[Collected data]
<<<<

Lemma testbit_code_exists m (P : nat -> Prop) : exists u, u < 2 ^ m /\
  forall x, x < m -> (Nat.testbit u x = true <-> P x).
Proof.
  revert P. induction m as [|m IH]; intro P.
  - exists 0. split; [simpl; lia|]. intros; lia.
  - destruct (IH (fun x => P (S x))) as [u [Hu Hb]].
    destruct (classic (P 0)) as [H0|H0]; [exists (2 * u + 1) | exists (2 * u)];
      (split; [rewrite Nat.pow_succ_r'; lia|]); intros [|x] Hx.
    + rewrite Nat.testbit_odd_0. tauto.
    + rewrite Nat.testbit_odd_succ'. apply Hb. lia.
    + rewrite Nat.testbit_even_0. split; [discriminate|tauto].
    + rewrite Nat.testbit_even_succ'. apply Hb. lia.
Qed.

Lemma uncountable_fiber {X : Type} (S : X -> Prop) (g : X -> nat) : ~ countable S ->
  exists c, ~ countable (fun s => S s /\ g s = c).
Proof.
  intro NC. apply NNPP. intro H. apply NC.
  assert (Hc : forall c, countable (fun s => S s /\ g s = c)).
  { intro c. apply NNPP. intro H'. apply H. exists c. exact H'. }
  set (fc := fun c => epsilon (inhabits (fun _ : X => 0))
     (fun f : X -> nat => forall x y, S x /\ g x = c -> S y /\ g y = c -> f x = f y -> x = y)).
  exists (fun s => Cantor.to_nat (g s, fc (g s) s)).
  intros x y Sx Sy E.
  apply (f_equal Cantor.of_nat) in E. rewrite !Cantor.cancel_of_to in E.
  injection E as E1 E2. rewrite <- E1 in E2.
  exact (epsilon_spec _ _ (Hc (g x)) x y (conj Sx eq_refl) (conj Sy (eq_sym E1)) E2).
Qed.

Lemma least_witness (P : nat -> Prop) n : P n -> exists l, P l /\ forall k, k < l -> ~ P k.
Proof.
  revert P. induction n as [n IH] using (well_founded_induction lt_wf). intros P Pn.
  destruct (classic (exists k, k < n /\ P k)) as [[k [kn Pk]]|H].
  - apply (IH k kn P Pk).
  - exists n. split; auto. intros k kn Pk. apply H; eauto.
Qed.

Section Coding.
Context {T : Type} (lt : T -> T -> Prop).
Hypothesis lt_irrefl : forall x, ~ lt x x.
Hypothesis lt_trans : forall x y z, lt x y -> lt y z -> lt x z.
Hypothesis lt_total : forall x y, lt x y \/ x = y \/ lt y x.
Variable F : list T -> Prop.
Hypothesis HF : is_scheme T lt tau F.

Notation lev := (level T tau F).
Notation norm_at := (norm_at lt tau F).

Lemma level_cover (l : list T) : exists K G, lev K G /\ incl l G.
Proof.
  destruct (sorted_exists lt lt_trans lt_total l) as [s [Ss Es]].
  destruct HF as [Hsize [Hcof _]]. destruct (Hcof s Ss) as [G [FG Inc]].
  destruct (Hsize G FG) as [_ [_ [K HK]]].
  exists K, G. split; [split; auto|]. intros x Hx. apply Inc, Es, Hx.
Qed.

(* The side of a level-[S k] block is reflected according to bit [p] of
   [i / 2]; blocks [2u] and [2u + 1] thus compare either way, as [u] dictates. *)
Definition orient (i p n : nat) : nat := if Nat.testbit (i / 2) p then i else n - i.

Lemma orient_pair u p n : 2 * u + 1 < n ->
  if Nat.testbit u p then orient (2 * u) p n < orient (2 * u + 1) p n
  else orient (2 * u + 1) p n < orient (2 * u) p n.
Proof.
  intro Hn. unfold orient.
  replace ((2 * u) / 2) with u by (rewrite Nat.mul_comm, Nat.div_mul; lia).
  replace ((2 * u + 1) / 2) with u by (rewrite Nat.mul_comm, Nat.div_add_l; simpl; lia).
  destruct (Nat.testbit u p); lia.
Qed.

(* [Ξ_a(k+1)] is read off the norms (see [norm_at_Xi]). *)
Definition digit (a : T) (k : nat) : nat :=
  match k with
  | O => 0
  | S k => tm tau (S k) *
             orient ((norm_at a (S k) - norm_at a k) / (tm tau k - tr tau (S k)))
                    (norm_at a k) (tn tau (S k))
           + norm_at a (S k)
  end.

Definition digit_bound (k : nat) : nat :=
  match k with O => 0 | S k => tm tau (S k) * (tm tau (S k) + tn tau (S k) + 1) end.

Definition code (a : T) : R := series_value digit_bound (digit a).

Lemma clip_digit a k : norm_at a (S k) < tm tau (S k) ->
  clip digit_bound (digit a) (S k) = digit a (S k).
Proof.
  intro H. unfold clip. apply Nat.min_l. cbn [digit digit_bound].
  set (q := norm_at a (S k)) in *. set (p := norm_at a k).
  set (i := (q - p) / (tm tau k - tr tau (S k))).
  assert (i <= q).
  { unfold i. destruct (tm tau k - tr tau (S k)) as [|d]; [rewrite Nat.div_0_r; lia|].
    apply Nat.Div0.div_le_upper_bound. nia. }
  assert (orient i p (tn tau (S k)) <= q + tn tau (S k))
    by (unfold orient; destruct (Nat.testbit (i / 2) p); lia).
  nia.
Qed.

Lemma clip_digit_agree a b l : (forall k, k < l -> norm_at a k = norm_at b k) ->
  forall k, k < l -> clip digit_bound (digit a) k = clip digit_bound (digit b) k.
Proof.
  intros H [|k] Hk; unfold clip; [reflexivity|]. cbn [digit]. rewrite !H by lia. reflexivity.
Qed.

Lemma code_lt_of_digit_lt a b l : (forall k, k <= l -> norm_at a k = norm_at b k) ->
  norm_at a (S l) < tm tau (S l) -> norm_at b (S l) < tm tau (S l) ->
  digit a (S l) < digit b (S l) -> (code a < code b)%R.
Proof.
  intros Below Ha Hb Lt. apply (series_value_lt _ _ _ (S l)).
  - apply clip_digit_agree. intros k Hk. apply Below. lia.
  - rewrite (clip_digit a l Ha), (clip_digit b l Hb). exact Lt.
Qed.

Lemma digit_Xi a l i : Xi_is T lt tau F a (S l) (Some i) ->
  digit a (S l) = tm tau (S l) * orient i (norm_at a l) (tn tau (S l)) + norm_at a (S l).
Proof.
  intro X. destruct (norm_at_Xi lt lt_irrefl lt_trans tau F HF l a i X) as [_ E].
  enough (Hi : (norm_at a (S l) - norm_at a l) / (tm tau l - tr tau (S l)) = i)
    by (cbn [digit]; rewrite Hi; reflexivity).
  rewrite E, Nat.add_comm, Nat.add_sub, Nat.div_mul; [reflexivity|].
  destruct (proj2 tau_type l) as [_ [Hr _]]. lia.
Qed.

Lemma norm_at_level_lt a K E : lev K E -> In a E -> forall k, k <= K -> norm_at a k < tm tau k.
Proof.
  intros HE Ha k Hk. destruct (level_down lt tau F HF k K E a Hk HE Ha) as [E' [HE' Ha']].
  exact (norm_at_lt_size lt lt_irrefl lt_trans tau F HF k E' a HE' Ha').
Qed.

Lemma code_inj a b : code a = code b -> a = b.
Proof.
  intro E. apply NNPP. intro ne.
  destruct (level_cover (a :: b :: nil)) as [K [G [HG Inc]]].
  assert (Ha : In a G) by (apply Inc; simpl; auto).
  assert (Hb : In b G) by (apply Inc; simpl; auto).
  assert (Hne : norm_at a K <> norm_at b K).
  { destruct (lt_total a b) as [ab|[ab|ba]]; [|contradiction|].
    - pose proof (norm_at_lt lt lt_irrefl lt_trans tau F HF K G a b HG Ha Hb ab). lia.
    - pose proof (norm_at_lt lt lt_irrefl lt_trans tau F HF K G b a HG Hb Ha ba). lia. }
  destruct (least_witness (fun l => norm_at a l <> norm_at b l) K Hne) as [l [Hl Hmin]].
  assert (lK : l <= K) by (destruct (le_lt_dec l K); auto; exfalso; apply (Hmin K); auto).
  assert (Below : forall k, k < l -> norm_at a k = norm_at b k)
    by (intros k Hk; apply NNPP, Hmin, Hk).
  destruct l as [|l].
  - destruct (level_down lt tau F HF 0 K G a lK HG Ha) as [Ea [HEa Ha0]].
    destruct (level_down lt tau F HF 0 K G b lK HG Hb) as [Eb [HEb Hb0]].
    apply Hl. rewrite (norm_at_0 lt lt_irrefl tau F HF Ea a eq_refl HEa Ha0).
    exact (eq_sym (norm_at_0 lt lt_irrefl tau F HF Eb b eq_refl HEb Hb0)).
  - pose proof (norm_at_level_lt a K G HG Ha (S l) lK) as Ba.
    pose proof (norm_at_level_lt b K G HG Hb (S l) lK) as Bb.
    assert (Dne : digit a (S l) <> digit b (S l)).
    { cbn [digit]. rewrite (Below l) by lia. intro D.
      apply Hl, (Nat.div_mod_unique (tm tau (S l)) _ _ _ _ Ba Bb D). }
    assert (Below' : forall k, k <= l -> norm_at a k = norm_at b k) by (intros; apply Below; lia).
    destruct (Nat.lt_total (digit a (S l)) (digit b (S l))) as [h|[h|h]]; [|contradiction|].
    + pose proof (code_lt_of_digit_lt a b l Below' Ba Bb h). lra.
    + assert (Below'' : forall k, k <= l -> norm_at b k = norm_at a k)
        by (intros; symmetry; apply Below; lia).
      pose proof (code_lt_of_digit_lt b a l Below'' Bb Ba h). lra.
Qed.

End Coding.

Section Capturing.
Context {T : Type} (lt : T -> T -> Prop).
Hypothesis lt_irrefl : forall x, ~ lt x x.
Hypothesis lt_trans : forall x y z, lt x y -> lt y z -> lt x z.
Variable F : list T -> Prop.
Hypothesis HF : is_scheme T lt tau F.
Variables (D : nat -> list T) (l : nat).
Hypothesis HD : rtt T lt D (tn tau (S l)) nil.
Hypothesis HDcap : fully_captured T lt tau F D (tn tau (S l)) nil (S l).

>>>>

### [ABOUT THIS EXERCISE]
Extract all lines of the records above that include "with".

### [YOUR RESPONSE]
  replace ((2 * u) / 2) with u by (rewrite Nat.mul_comm, Nat.div_mul; lia).
  replace ((2 * u + 1) / 2) with u by (rewrite Nat.mul_comm, Nat.div_add_l; simpl; lia).
  match k with
  match k with O => 0 | S k => tm tau (S k) * (tm tau (S k) + tn tau (S k) + 1) end.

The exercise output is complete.